Brodsky's stories reflect her lifelong interest in animals and nature. The characters in them include dogs, cats, pigs, horses, and a talking tree. All stories have discussion questions at the back of the book, so that teachers and parents can talk about the major themes of each book, turning each story into an opportunity for further discussion. The stories cover issues that include peer pressure, healthy eating, and self-confidence.

According to WorldCat, psychological themes found in Brodsky's books include the subjects: self-actualization, self-esteem, self-realization, change, identity, and individual responsibility.

"Because I am a therapist, my books all have very positive messages," Brodsky told the New Hampshire Union Leader in a 2017 interview. Her books focus on topics such as being true to who you are, accepting others who are different, the advantages of unusual friendships and adjusting to change, she told the newspaper.

In a review in the Children's Book Review, Hannah Coloson writes that Brodsky's stories "gently promote conversations about the issues today facing children and families, like childhood obesity, bullying, and the amount of time children spend plugged in."

=== Inspiration for Brodsky's writing ===
Brodsky attributes her 50+ years as a clinical social worker as a partial inspiration for her writing. In an interview with author Rebecca Rule, Brodsky said the stories her clients have told her "often reveal great courage, inner strength and joy." Brodsky said she has witnessed the human struggle to "overcome personal difficulties that started in childhood." "My books for children have messages in them that come from my social work experience...differences, friendship, loyalty, and social action," Brodsky told journalist Michael Cousineau in a 2008 interview in the New Hampshire Sunday News. "I feel very strongly that all of us can be productive and contribute, even if we may be different in some way."
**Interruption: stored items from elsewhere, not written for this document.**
Theorem Fmetric_projectively_flat : projectively_flat_on F (regular_dom b m).
Proof.
  exists flat_factor. intros x y Hreg.
  pose proof (regular_dot b m x y hb Hreg) as Hu.
  unfold flat_factor. destruct (Req_EM_T (gdet F x y) 0) as [Hd | Hd].
  - rewrite !spray_degenerate by exact Hd. split; ring.
  - assert (Hjf : ex_derive jf (sarg b x y)).
    { apply dens_derivable; [exact hm | exact (sarg_bound b hb x y Hu) |].
      destruct (Compare_dec.le_lt_dec 2 m) as [H2 | H1]; [left; exact H2|].
      destruct (Req_dec c 0) as [Hc | Hc]; [right; left; exact Hc|].
      right; right. intros Hs. apply Hd, gdet_kink; [lia | exact Hc | exact Hu |].
      exact (wedge_of_sarg_zero b hb x y Hu Hs). }
    assert (HE : E x y <> 0).
    { intros HE. apply Hd, (gdet_Phi_zero x y Hu Hjf).
      apply Rmult_integral in HE as [HA | HP]; [exfalso; exact (Amod_nonzero _ _ _ Hu HA)|].
      destruct (Req_dec (Ph (sarg b x y)) 0) as [H0 | H0]; [exact H0|].
      exfalso. exact (pow_nonzero _ 2 H0 HP). }
    exact (spray_regular x y Hu Hjf HE Hd).
Qed.
End Main.

Lemma beta2_dx1 b m : is_derive (fun t => beta b m (t, 0) (0, 1)) 1 (-2 * b * (INR m - 1)).
Proof.
  unfold beta, Defs.sigma. simpl. auto_derive.
  - replace (1 * (1 * 1) + 0 * (0 * 1)) with 1 by ring. rewrite sqrt_1. repeat split; lra.
  - replace (1 * (1 * 1) + 0 * (0 * 1)) with 1 by ring. rewrite sqrt_1, ln_1, Rmult_0_r, exp_0.
    field.
Qed.

Lemma beta1_dx2 b m : is_derive (fun t => beta b m (1, t) (1, 0)) 0 b.
Proof.
  unfold beta, Defs.sigma. simpl. auto_derive.
  - replace (1 * (1 * 1) + 0 * (0 * 1)) with 1 by ring. rewrite sqrt_1. repeat split; lra.
  - replace (1 * (1 * 1) + 0 * (0 * 1)) with 1 by ring. rewrite sqrt_1, ln_1, Rmult_0_r, exp_0.
    field.
Qed.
"Kids go through so many changes in their young lives, and my books help teach them how to grow stronger through those difficult times," Brodsky told journalist Kimberly Houghton in a 2017 interview.

Brodsky's books also highlight the importance of safety and kindness — two things that she believes are critical for children to learn at a young age.

==== My Bent Tree ====
A walk in her neighborhood inspired her first children's story, My Bent Tree. She was walking her dog and saw a crooked pine scarred by an old lightning strike. It reminded Brodsky of her own childhood encounter with polio, as well as her many clients' challenges with adversity, yet "reveal great courage, inner strength and joy" by overcoming those challenges. The poem became a reflection upon early life experiences marking us permanently, but also becoming aspects of our lives that help us to grow into who we become.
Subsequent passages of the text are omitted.